DATA PROVIDED Block Start
Lemma closed_fun_le (R : realType) (W : topologicalType) (g : W -> R) (a : R) :
  continuous g -> closed [set w | g w <= a].
Proof.
move=> g_cont; apply: (@preimage_closed _ _ g [set x | x <= a]).
  by move=> w _; exact: g_cont.
exact: closed_le.
Qed.

Lemma sup_norm_le (R : realType) (W : topologicalType) (g : W -> R) (b : R) :
  0 <= b -> (forall w, `|g w| <= b) -> sup_norm g <= b.
Proof.
move=> b0 gb; have [[w _]|W0] := pselect (exists w : W, True).
  by apply: ge_sup => [|_ [v _ <-]]; [exists `|g w|; exists w|exact: gb].
rewrite /sup_norm (_ : range (fun w => `|g w|) = set0) ?sup0 //.
by apply/seteqP; split => // r [w _ _]; apply: W0; exists w.
Qed.

Lemma maxr_halfE (R : realFieldType) (a b : R) :
  Num.max a b = 2^-1 * (a + b) + 2^-1 * `|a - b|.
Proof. by rewrite maxr_absE mulrC mulrDr. Qed.

Lemma minr_halfE (R : realFieldType) (a b : R) :
  Num.min a b = 2^-1 * (a + b) + (- 2^-1) * `|a - b|.
Proof. by rewrite minr_absE mulrC mulrDr mulrN mulNr. Qed.

Section LatticeApproximation.
Context {R : realType} {W : topologicalType} {L : set (W -> R)} {f : W -> R}.
Hypotheses (cW : compact [set: W]) (f_cont : continuous f) (L0 : L !=set0).
Hypotheses (L_cont : forall g, L g -> continuous g)
  (L_max : forall g h, L g -> L h -> L (fun w => Num.max (g w) (h w)))
  (L_min : forall g h, L g -> L h -> L (fun w => Num.min (g w) (h w)))
  (L_interp : forall s t, exists2 g, L g & g s = f s /\ g t = f t).

Lemma lattice_approx_at s eps : 0 < eps ->
  exists2 g, L g & g s = f s /\ forall w, f w - eps < g w.
Proof.
move=> e0; apply: contrapT => no_g.
pose D := [set g | L g /\ g s = f s].
suff [w Bw] : exists w, forall g, D g -> g w - f w <= - eps.
  have [h Lh [hs hw]] := L_interp s w.
  by have := Bw h (conj Lh hs); rewrite hw subrr oppr_ge0 leNgt e0.
apply: (@compact_directed_bigcap_neq0 _ _ D
  (fun g => [set w | g w - f w <= - eps]) cW).
- by have [g Lg [gs _]] := L_interp s s; exists g.
- move=> g h [Lg gs] [Lh hs]; exists (fun w => Num.max (g w) (h w)).
    by split; [exact: L_max | rewrite gs hs maxxx].
  by move=> w /=; rewrite !lerBlDr ge_max => /andP[].
- move=> g [Lg _]; apply: closed_fun_le => w.
  by apply: cvgB; [exact: L_cont | exact: f_cont].
- move=> g [Lg gs]; apply: contrapT => /forallNP Bg0; apply: no_g.
  exists g => //; split => // w; rewrite ltNge; apply/negP => gw.
  by apply: (Bg0 w) => /=; lra.
Qed.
DATA PROVIDED Block End
**TASK DESCRIPTION**
Which lines of the records above contain the word "Hypotheses"? Report each one.

**TASK ANSWER**
Hypotheses (cW : compact [set: W]) (f_cont : continuous f) (L0 : L !=set0).
Hypotheses (L_cont : forall g, L g -> continuous g)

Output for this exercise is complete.